In the entries that follow, the first line to write out is the one containing "by rewrite inE;", and the last is the one containing "feasible_z Nmin Nmax z". Reproduce that stretch exactly, with nothing before or after it.

_ _ _ _

(* Let $(B,\lfloor\cdot,\cdot\rfloor)$ be an SSD space with quadratic form $q$ and let $A\subset B$ be $q$-representable. If $\Phi_A(b)\ge q(b)$ for all $b\in\operatorname{conv}^w A$, then $A=G_{\Phi_A}$.
   Context: An SSD space is a pair $(B,\lfloor\cdot,\cdot\rfloor)$ with $B$ a nonzero real vector space and $\lfloor\cdot,\cdot\rfloor$ a symmetric bilinear form; $q(b)=\frac12\lfloor b,b\rfloor$. $w(B,B)$ is the coarsest topology on $B$ making all maps $b\mapsto\lfloor b,c\rfloor$ continuous; $\operatorname{conv}^w A$ is the $w(B,B)$-closure of the convex hull of $A$. A nonempty $A\subset B$ is $q$-positive if $q(b-c)\ge0$ for all $b,c\in A$. $\Phi_A(x)=\sup_{a\in A}\{\lfloor x,a\rfloor-q(a)\}$. For proper convex $f$, $f^{@}(b)=\sup_{c\in B}\{\lfloor c,b\rfloor-f(c)\}$, $\mathcal{P}_q(f)=\{b: f(b)=q(b)\}$, $G_f=\{b: f(b)+f^{@}(b)=\lfloor b,b\rfloor\}$. A $q$-positive set $A$ is $q$-representable if there is a $w(B,B)$-lsc proper convex $f:B\to\mathbb{R}\cup\{+\infty\}$ with $f\ge q$ on $B$ and $\mathcal{P}_q(f)=A$. *)

From HB Require Import structures.
From mathcomp Require Import all_boot all_order all_algebra.
From mathcomp Require Import all_classical all_reals ereal.
Set Implicit Arguments. Unset Strict Implicit. Unset Printing Implicit Defensive.
Import Order.TTheory GRing.Theory Num.Theory.
Local Open Scope classical_set_scope.
Local Open Scope ring_scope.
(* Let $(\Delta,\mathcal H)$ be a generic cut with associated simplicial complexes $K_\Delta,K_+,K_-$ on $\widetilde{[m]}=[m]\cup\{o\}$, and let $Z=\{\sigma\subset\widetilde{[m]}: F_\sigma\neq\varnothing\text{ and }F_\sigma\subset\Delta_+\setminus H_o\}$ where $F_\sigma=\bigcap_{i\in\sigma}H_i$. Then $K_-$ is the strong connected sum $K_+\#^ZK_\Delta$.
   Context: Let $\Delta\subset\mathbb R^n$ be an $n$-dimensional simple polytope $\Delta=\{x:\langle x,\lambda_i\rangle+\eta_i\ge0,\ i=1,\dots,m\}$ whose facets $H_i=\Delta\cap\{\langle x,\lambda_i\rangle+\eta_i=0\}$ are all nonempty. A generic cut is a hyperplane $\mathcal H=\{\langle x,\lambda_0\rangle+\xi=0\}$ in general position with the hyperplanes $\{\langle x,\lambda_i\rangle+\eta_i=0\}$ and with $H_o:=\mathcal H\cap\Delta\neq\varnothing$ (the facet indexed by $o$). Set $\Delta_\pm=\Delta\cap\{\pm(\langle x,\lambda_0\rangle+\xi)\ge0\}$, $K_\Delta=\{\sigma\subset[m]:\bigcap_{i\in\sigma}H_i\ne\varnothing\}\cup\{\varnothing\}$, $K_\pm=\{\sigma\subset\widetilde{[m]}:\bigcap_{i\in\sigma}(H_i\cap\Delta_\pm)\ne\varnothing\}\cup\{\varnothing\}$. Simplicial-complex notation: for $Z\subset K$, $\overline Z$ is the smallest subcomplex containing $Z$; $O_K(Z)=\{\sigma\in K:\sigma\supseteq\tau$ for some $\tau\in Z\}$; $\operatorname{Del}_Z(K)=K\setminus O_K(Z)$; pure means all maximal faces have the same dimension. Connected sum: for simplicial complexes $K_1,K_2$ on the same vertex set and $Z\subset K_1\cap K_2$ with $\varnothing\notin Z$ and $O_{K_1\cup K_2}(Z)\subset K_1\cap K_2$, $K_1\#^ZK_2:=\operatorname{Del}_Z(K_1\cup K_2)$. It is strong if $K_1,K_2,W:=K_1\cap K_2$ are pure of the same dimension and $Z=W\setminus\overline{K_1\setminus W}=W\setminus\overline{K_2\setminus W}$. *)

From HB Require Import structures.
From mathcomp Require Import all_boot all_order all_algebra.
From mathcomp Require Import reals.
Set Implicit Arguments. Unset Strict Implicit. Unset Printing Implicit Defensive.
Import Order.TTheory GRing.Theory Num.Theory.
Local Open Scope ring_scope.

Section Complexes.
Variable T : finType.
Definition complex := {set T} -> Prop.

Definition starO (K Z : complex) : complex :=
  fun s => K s /\ exists t, Z t /\ t \subset s.
Definition Del (Z K : complex) : complex := fun s => K s /\ ~ starO K Z s.
(* smallest subcomplex containing Z (complexes always contain the empty face) *)
Definition closure (Z : complex) : complex :=
  fun s => s = set0 \/ exists t, Z t /\ s \subset t.
Definition cunion (K1 K2 : complex) : complex := fun s => K1 s \/ K2 s.
Definition cinter (K1 K2 : complex) : complex := fun s => K1 s /\ K2 s.
Definition cdiff (K1 K2 : complex) : complex := fun s => K1 s /\ ~ K2 s.
Definition maximal_face (K : complex) (s : {set T}) :=
  K s /\ forall t, K t -> s \subset t -> t = s.
(* all maximal faces have c vertices, i.e. dimension c - 1 *)
Definition pure_card (K : complex) (c : nat) :=
  forall s, maximal_face K s -> #|s| = c.

Definition connected_sum (K1 K2 Z K : complex) :=
  [/\ (forall s, Z s -> K1 s /\ K2 s),
      ~ Z set0,
      (forall s, starO (cunion K1 K2) Z s -> K1 s /\ K2 s) &
      (forall s, K s <-> Del Z (cunion K1 K2) s)].

Definition strong_connected_sum (K1 K2 Z K : complex) :=
  let W := cinter K1 K2 in
  [/\ connected_sum K1 K2 Z K,
      (exists c, [/\ pure_card K1 c, pure_card K2 c & pure_card W c]),
      (forall s, Z s <-> (W s /\ ~ closure (cdiff K1 W) s)) &
      (forall s, Z s <-> (W s /\ ~ closure (cdiff K2 W) s))].
End Complexes.

Section Geometry.
Variables (R : realType) (n : nat).
Local Notation pt := 'rV[R]_n.

Definition dot (x y : pt) : R := \sum_(j < n) x 0 j * y 0 j.

Definition aff_indep k (p : 'I_k -> pt) :=
  forall c : 'I_k -> R, \sum_i c i = 0 -> \sum_i c i *: p i = 0 ->
    forall i, c i = 0.
(* Within an outer iteration the objective strictly decreases at every inner
   step (optimal assignment, then centroids), so no assignment is visited twice.
   The hyperplane step cannot increase the objective either: the hyperplanes of
   the previous iteration, with their slacks tightened, are feasible for the new
   clusters, so the optimal ones incur at most the same representation error.
   This gives f_{l+1} <= g(z_l) <= f_l for l >= 2, where g(z) is the objective
   of z with its centroids and optimal hyperplanes; g(z) does not depend on
   which optimal hyperplanes are chosen.  If the algorithm does not stop,
   f_{l+1} < f_l, so the count #{z | g z < f_l} + #{z | g z <= f_l}, bounded by
   2 K^N, strictly decreases. *)

From HB Require Import structures.
From mathcomp Require Import all_boot all_order all_algebra.
From mathcomp Require Import reals boolp ring zify.
From Stdlib Require Import Relations.
Set Implicit Arguments. Unset Strict Implicit. Unset Printing Implicit Defensive.
Import Order.TTheory GRing.Theory Num.Theory.
Local Open Scope ring_scope.

Lemma sum_sqr_sub_mean_le (R : realFieldType) (T : finType) (A : {pred T})
    (a : T -> R) (c : R) :
  \sum_(t in A) (a t - #|A|%:R^-1 * \sum_(u in A) a u) ^+ 2
    <= \sum_(t in A) (a t - c) ^+ 2.
Proof.
set m := _ * _.
have [A0 | An0] := eqVneq #|A| 0%N.
  by rewrite !big_pred0 // => t; apply/negP => tA; move: A0; rewrite (cardD1 t) tA.
have sum_a : \sum_(t in A) a t = #|A|%:R * m.
  by rewrite /m mulrA divff ?mul1r // pnatr_eq0.
have -> : \sum_(t in A) (a t - c) ^+ 2
    = \sum_(t in A) (a t - m) ^+ 2 + #|A|%:R * (m - c) ^+ 2.
  have expand t : (a t - c) ^+ 2 = (a t - m) ^+ 2 + (2 * (m - c) * a t
                                   + (c ^+ 2 - m ^+ 2)).
    by ring.
  rewrite (eq_bigr _ (fun t _ => expand t)) big_split /= big_split /=.
  by rewrite -mulr_sumr sum_a sumr_const -mulr_natl; congr (_ + _); ring.
by rewrite lerDl mulr_ge0 ?ler0n ?sqr_ge0.
Qed.

Section KMeans.
Context {R : realType} {N D K : nat}.
Variables (x : 'I_N -> 'rV[R]_D) (Nmin Nmax : nat) (lam : R).

Local Notation obj := (obj x lam).
Local Notation centroid := (centroid x).

Lemma obj_centroid_le (z : 'I_N -> 'I_K) c xp xm :
  obj z (centroid z) xp xm <= obj z c xp xm.
Proof.
rewrite /obj lerD2r; apply: ler_sum => k _.
have in_cluster (f : 'I_N -> R) :
    \sum_(t < N) (z t == k)%:R * f t = \sum_(t in [set t | z t == k]) f t.
  rewrite [RHS]big_mkcond /=; apply: eq_bigr => t _.
  by rewrite inE; case: (z t == k); rewrite ?mul1r ?mul0r.
rewrite !in_cluster /sqn exchange_big [X in _ <= X]exchange_big /=.
apply: ler_sum => d _.
have := sum_sqr_sub_mean_le [set t | z t == k] (fun t => x t 0 d) (c k 0 d).
congr (_ <= _); apply: eq_bigr => t _; rewrite !mxE // summxE /csize.
by rewrite (eq_bigl (fun t => z t == k)) // => u; rewrite inE.
Qed.

Lemma obj_z_step_le c xp xm (z z' : 'I_N -> 'I_K) :
  feasible_z Nmin Nmax z -> z_optimal x Nmin Nmax lam c xp xm z' ->
  obj z' (centroid z') xp xm <= obj z c xp xm.
Proof. by move=> fz [_ opt]; apply: le_trans (opt _ fz); exact: obj_centroid_le. Qed.

End KMeans.

Section Separation.
Context {R : realType} {N D : nat}.
Variables (x : 'I_N -> 'rV[R]_D) (eps : R) (M beta : nat) (Ci Cj : pred 'I_N).
Hypothesis disjoint_clusters : forall t, Ci t -> ~~ Cj t.

Definition hsol_admissible (h : @hsol R N D) : Prop :=
  (forall d, (h_yp h d + h_ym h d <= 1)%N) /\
  (\sum_(d < D) (h_yp h d + h_ym h d) <= beta)%N /\
  (forall d, (h_wp h d <= M * h_yp h d)%N /\ (h_wm h d <= M * h_ym h d)%N) /\
  (1 <= \sum_(d < D) (h_wp h d + h_wm h d))%N.

Definition err_pos (h : @hsol R N D) (t : 'I_N) : R :=
  Num.max (- (lin h (x t) + h_b h)) 0.
Definition err_neg (h : @hsol R N D) (t : 'I_N) : R :=
  Num.max (lin h (x t) + h_b h + eps) 0.

Definition sep_error (h : @hsol R N D) : R :=
  \sum_(t < N) ((Ci t)%:R * err_pos h t + (Cj t)%:R * err_neg h t).

Definition tight_slacks (h : @hsol R N D) : @hsol R N D :=
  HSol (h_wp h) (h_wm h) (h_yp h) (h_ym h) (h_b h)
    (fun t => if Ci t then err_pos h t else err_neg h t).

Lemma sep_feasible_admissible (h : @hsol R N D) :
  sep_feasible x eps M beta Ci Cj h -> hsol_admissible h.
Proof. by case=> _ [_ [_ adm]]. Qed.

Lemma sep_feasible_tight_slacks (h : @hsol R N D) :
  hsol_admissible h -> sep_feasible x eps M beta Ci Cj (tight_slacks h).
Proof.
move=> adm; split; [|split; [|split=> //]].
- by move=> t /= ->; rewrite lerNl le_max lexx.
- move=> t /= Cjt; have /negbTE -> : ~~ Ci t.
    by apply: contraL Cjt; exact: disjoint_clusters.
  by rewrite le_max lexx.
- by move=> t _ /=; case: (Ci t); rewrite le_max lexx orbT.
Qed.

Lemma sep_obj_indicator (h : @hsol R N D) :
  sep_obj Ci Cj h = \sum_(t < N) (Ci t || Cj t)%:R * h_xi h t.
Proof.
rewrite /sep_obj big_mkcond /=; apply: eq_bigr => t _.
by case: (_ || _); rewrite ?mul1r ?mul0r.
Qed.

Lemma sep_error_le_obj (h : @hsol R N D) :
  sep_feasible x eps M beta Ci Cj h -> sep_error h <= sep_obj Ci Cj h.
Proof.
case=> [pos [neg [xi_ge0 _]]]; rewrite sep_obj_indicator; apply: ler_sum => t _.
case Cit: (Ci t).
  have /negbTE Cjt := disjoint_clusters Cit.
  by rewrite Cjt /= !mul1r mul0r addr0 ge_max lerNl pos // xi_ge0 ?Cit.
case Cjt: (Cj t) => /=; rewrite ?mul0r ?mul1r ?add0r //.
by rewrite ge_max neg // xi_ge0 ?Cjt ?orbT.
Qed.

Lemma sep_obj_tight_slacks (h : @hsol R N D) :
  sep_obj Ci Cj (tight_slacks h) = sep_error h.
Proof.
rewrite sep_obj_indicator; apply: eq_bigr => t _ /=.
case Cit: (Ci t); last by rewrite mul0r add0r.
by have /negbTE -> := disjoint_clusters Cit; rewrite mul1r mul0r addr0.
Qed.

Lemma sep_error_optimal_le (h h' : @hsol R N D) :
  sep_optimal x eps M beta Ci Cj h -> hsol_admissible h' ->
  sep_error h <= sep_error h'.
Proof.
move=> [feas opt] adm'; apply: le_trans (sep_error_le_obj feas) _.
by rewrite -sep_obj_tight_slacks; apply/opt/sep_feasible_tight_slacks.
Qed.

End Separation.

Section Hyperplanes.
Context {R : realType} {N D K : nat}.
Variables (x : 'I_N -> 'rV[R]_D) (lam eps : R) (M beta : nat).
Hypothesis lam_ge0 : 0 <= lam.

Definition hyperplanes_admissible (H : 'I_K -> 'I_K -> @hsol R N D) : Prop :=
  forall i j : 'I_K, (i < j)%N -> hsol_admissible M beta (H i j).

Definition optimal_hyperplanes (z : 'I_N -> 'I_K) (H : 'I_K -> 'I_K -> @hsol R N D) :=
  forall i j : 'I_K, (i < j)%N ->
    sep_optimal x eps M beta (cluster z i) (cluster z j) (H i j).

Lemma optimal_hyperplanes_admissible z H :
  optimal_hyperplanes z H -> hyperplanes_admissible H.
Proof. by move=> opt i j ij; case: (opt i j ij) => /sep_feasible_admissible. Qed.

Lemma obj_optimal_hyperplanes_le z c H H' :
  optimal_hyperplanes z H -> hyperplanes_admissible H' ->
  obj x lam z c (new_xp x H) (new_xm x eps H)
    <= obj x lam z c (new_xp x H') (new_xm x eps H').
Proof.
move=> opt adm'; rewrite /obj lerD2l ler_wpM2l //.
rewrite exchange_big [X in _ <= X]exchange_big; apply: ler_sum => i _.
rewrite exchange_big [X in _ <= X]exchange_big; apply: ler_sum => j ij /=.
apply: (sep_error_optimal_le _ (opt i j ij) (adm' i j ij)) => t.
by rewrite /cluster => /eqP ->; apply: contraTneq ij => ->; rewrite ltnn.
Qed.

End Hyperplanes.

Section Rank.
Variables (R : numDomainType) (T : finType) (val : T -> R -> Prop).

Definition rank_below (v : R) : nat :=
  #|[set t | `[< exists2 r, val t r & r < v >]]|
  + #|[set t | `[< exists2 r, val t r & r <= v >]]|.

Lemma rank_below_le v : (rank_below v <= 2 * #|T|)%N.
Proof. by rewrite /rank_below mul2n -addnn leq_add ?max_card. Qed.

Hypothesis val_functional : forall t r r', val t r -> val t r' -> r = r'.

Lemma rank_below_lt t r v w :
  val t r -> v < w -> v <= r <= w -> (rank_below v < rank_below w)%N.
Proof.
move=> vtr vw /andP[vr rw].
pose below (lt : R -> R -> bool) u := [set t | `[< exists2 r, val t r & lt r u >]].
have sub (lt : R -> R -> bool) : (forall a, lt a v -> lt a w) ->
    below lt v \subset below lt w.
  move=> mono; apply/subsetP => u; rewrite !inE => /asboolP[a vua lta].
  by apply/asboolP; exists a; last exact: mono.
have sub_lt := sub _ (fun a av => lt_trans av vw).
have sub_le := sub _ (fun a av => le_trans av (ltW vw)).
have card_lt (lt : R -> R -> bool) : below lt v \subset below lt w ->
    lt r w -> ~~ lt r v -> (#|below lt v| < #|below lt w|)%N.
  move=> svw rw' nrv; apply/proper_card; rewrite properE svw /=.
  apply/subsetPn; exists t; rewrite inE; apply/asboolP; first by exists r.
  by case=> r' vtr'; rewrite -(val_functional vtr vtr') (negbTE nrv).
rewrite /rank_below; move: rw; rewrite le_eqVlt => /orP[/eqP rw | rw].
  have rw' : r <= w by rewrite rw.
  by rewrite -addnS leq_add ?subset_leq_card ?card_lt // rw lt_geF.
by rewrite -addSn leq_add ?subset_leq_card ?card_lt // le_gtF.
Qed.

End Rank.

Lemma finfunK (aT : finType) (rT : Type) (g : aT -> rT) :
  fun_of_fin [ffun t => g t] = g.
Proof. exact/funext/ffunE. Qed.

Definition nonincreasing_tail (R : numDomainType) (h : seq R) : Prop :=
  forall l, (1 <= l)%N -> (l.+1 < size h)%N -> nth 0 h l.+1 <= nth 0 h l.

Lemma nonincreasing_tail_rcons (R : numDomainType) (h : seq R) v :
  nonincreasing_tail h -> ((2 <= size h)%N -> v <= last 0 h) ->
  nonincreasing_tail (rcons h v).
Proof.
move=> mono v_le l l_ge1; rewrite size_rcons ltnS => l_lt; rewrite !nth_rcons l_lt.
case: ltnP => [|l_ge]; first exact: mono l_ge1.
have size_h : size h = l.+1 by apply/eqP; rewrite eqn_leq l_ge l_lt.
rewrite size_h eqxx; have -> : l = (size h).-1 by rewrite size_h.
by rewrite nth_last v_le // size_h.
Qed.

Section Algorithm.
Context {R : realType} {N D K : nat}.
Variables (x : 'I_N -> 'rV[R]_D) (Nmin Nmax : nat) (lam eps : R) (M beta : nat).
Hypothesis lam_ge0 : 0 <= lam.

Local Notation obj := (obj x lam).
Local Notation centroid := (centroid x).
Local Notation feasible_z := (feasible_z Nmin Nmax).
Local Notation step := (step x Nmin Nmax lam eps M beta).
Local Notation state := (@astate R N D K).
Local Notation terminates := (Acc (fun s' s : state => step s s')).

Definition current_obj (s : state) : R := obj (st_z s) (st_c s) (st_xp s) (st_xm s).

Definition hyperplane_errors (xp xm : 'I_K -> 'I_K -> 'I_N -> R) : Prop :=
  exists2 H, hyperplanes_admissible M beta H & xp = new_xp x H /\ xm = new_xm x eps H.

Definition refined_obj (z : 'I_N -> 'I_K) (r : R) : Prop :=
  exists2 H, optimal_hyperplanes x eps M beta z H &
    obj z (centroid z) (new_xp x H) (new_xm x eps H) = r.

Lemma refined_obj_functional z r r' : refined_obj z r -> refined_obj z r' -> r = r'.
Proof.
move=> [H opt <-] [H' opt' <-]; apply/le_anti/andP; split.
  apply: (obj_optimal_hyperplanes_le lam_ge0 _ opt).
  exact: optimal_hyperplanes_admissible opt'.
apply: (obj_optimal_hyperplanes_le lam_ge0 _ opt').
exact: optimal_hyperplanes_admissible opt.
Qed.

Definition invariant (s : state) : Prop :=
  nonincreasing_tail (st_hist s) /\
  match st_phase s with
  | PhInner =>
      [/\ feasible_z (st_z s),
          (0 < size (st_hist s))%N -> hyperplane_errors (st_xp s) (st_xm s) &
          (1 < size (st_hist s))%N -> exists z r,
            refined_obj z r /\ current_obj s <= r <= last 0 (st_hist s)]
  | PhHyper =>
      [/\ feasible_z (st_z s), st_c s = centroid (st_z s),
          (0 < size (st_hist s))%N, last 0 (st_hist s) = current_obj s &
          (1 < size (st_hist s))%N -> hyperplane_errors (st_xp s) (st_xm s)]
  | PhDone => True
  end.
Lemma iter_subst_seq_cat (A : Type) (s : A -> seq A) k u v :
  iter k (subst_seq s) (u ++ v) = iter k (subst_seq s) u ++ iter k (subst_seq s) v.
Proof. by elim: k => //= k ->; rewrite subst_seq_cat. Qed.

Lemma size_subst_seq (A : Type) (s : A -> seq A) w :
  (forall e, 0 < size (s e)) -> size w <= size (subst_seq s w).
Proof.
move=> s_gt0; elim: w => //= e w IHw.
by rewrite /subst_seq /= size_cat -/(subst_seq s w); have := s_gt0 e; lia.
Qed.

Lemma size_iter_subst_seq (A : Type) (s : A -> seq A) k w :
  (forall e, 0 < size (s e)) -> size w <= size (iter k (subst_seq s) w).
Proof.
move=> s_gt0; elim: k => //= k IHk.
exact: leq_trans IHk (size_subst_seq _ s_gt0).
Qed.

Lemma subword_trans (A : Type) (u v w : seq A) :
  subword u v -> subword v w -> subword u w.
Proof.
by move=> [p [s ->]] [p' [s' ->]]; exists (p' ++ p), (s ++ s'); rewrite !catA.
Qed.

Lemma size_window (A : Type) (x : int -> A) i n : size (window x i n) = n.
Proof. by rewrite size_map size_iota. Qed.

Lemma window_cons (A : Type) (x : int -> A) i n :
  window x i n.+1 = x i :: window x (i + 1)%R n.
Proof.
rewrite /window /= addr0 -[iota 1 n]/(iota (1 + 0) n) iotaDl -map_comp; congr cons.
by apply: eq_map => j /=; rewrite PoszD addrA.
Qed.

Section Images.
Variables (A : Type) (th : rsubst A).

Fixpoint img_pow k (w v : seq A) : Prop :=
  match k with
  | 0 => v = w
  | k'.+1 => exists u, img_pow k' w u /\ img th u v
  end.

Lemma img_cat w1 w2 v1 v2 :
  img th w1 v1 -> img th w2 v2 -> img th (w1 ++ w2) (v1 ++ v2).
Proof.
elim: w1 v1 => [|e w IHw] v1 /=; first by move->.
move=> [u [v' [u_in [-> img_w]]]] img2.
by exists u, (v' ++ v2); rewrite catA; split=> //; split=> //; apply: IHw.
Qed.

Lemma img_pow_cat k w1 w2 v1 v2 :
  img_pow k w1 v1 -> img_pow k w2 v2 -> img_pow k (w1 ++ w2) (v1 ++ v2).
Proof.
elim: k v1 v2 => [|k IHk] v1 v2 /=; first by move=> -> ->.
move=> [u1 [pow1 img1]] [u2 [pow2 img2]].
by exists (u1 ++ u2); split; [apply: IHk | apply: img_cat].
Qed.

Lemma img_pow_add k1 k2 w u v :
  img_pow k1 w u -> img_pow k2 u v -> img_pow (k2 + k1) w v.
Proof.
move=> pow1; elim: k2 v => [|k IHk] v /=; first by move->.
by move=> [u' [pow2 img2]]; exists u'; split; [apply: IHk|].
Qed.

Lemma img_iterE k a v : img_iter th k a v <-> img_pow k [:: a] v.
Proof.
elim: k v => [|k IHk] v //=.
by split=> -[u [pow_u img_u]]; exists u; split=> //; apply/IHk.
Qed.

Lemma legal_subword u w : legal th w -> subword u w -> legal th u.
Proof.
move=> [k [a [t [pow_t sub_w]]]] sub_u.
by exists k, a, t; split=> //; apply: subword_trans sub_u sub_w.
Qed.

Lemma legal_letter c : legal th [:: c].
Proof. by exists 0, c, [:: c]; split=> //; exists [::], [::]. Qed.

Lemma lang_legal w : lang th w -> legal th w.
Proof. by move=> [x [i [x_in ->]]]. Qed.

Section Realisation.
Variable s : A -> seq A.
Hypothesis s_in : forall e, List.In (s e) (th e).

Lemma img_subst_seq w : img th w (subst_seq s w).
Proof. by elim: w => //= e w IHw; exists (s e), (subst_seq s w). Qed.

Lemma img_pow_iter k w : img_pow k w (iter k (subst_seq s) w).
Proof.
elim: k => //= k IHk.
by exists (iter k (subst_seq s) w); split=> //; apply: img_subst_seq.
Qed.

Lemma img_pow_context k p q u v : img_pow k u v ->
  img_pow k (p ++ u ++ q)
    (iter k (subst_seq s) p ++ v ++ iter k (subst_seq s) q).
Proof. by move=> pow_u; do ![apply: img_pow_cat => //]; apply: img_pow_iter. Qed.

Lemma legal_img w v : legal th w -> img th w v -> legal th v.
Proof.
move=> [k [c [t [pow_t [p [q def_t]]]]]] img_wv; subst t.
exists k.+1, c, (subst_seq s p ++ v ++ subst_seq s q).
split; last by exists (subst_seq s p), (subst_seq s q).
exists (p ++ w ++ q); split=> //.
by apply: img_cat; [apply: img_subst_seq | apply: img_cat => //; apply: img_subst_seq].
Qed.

_ _ _ _

* YOUR SOLUTION:
  by rewrite inE; case: (z t == k); rewrite ?mul1r ?mul0r.
rewrite !in_cluster /sqn exchange_big [X in _ <= X]exchange_big /=.
apply: ler_sum => d _.
have := sum_sqr_sub_mean_le [set t | z t == k] (fun t => x t 0 d) (c k 0 d).
congr (_ <= _); apply: eq_bigr => t _; rewrite !mxE // summxE /csize.
by rewrite (eq_bigl (fun t => z t == k)) // => u; rewrite inE.
Qed.

Lemma obj_z_step_le c xp xm (z z' : 'I_N -> 'I_K) :
  feasible_z Nmin Nmax z -> z_optimal x Nmin Nmax lam c xp xm z' ->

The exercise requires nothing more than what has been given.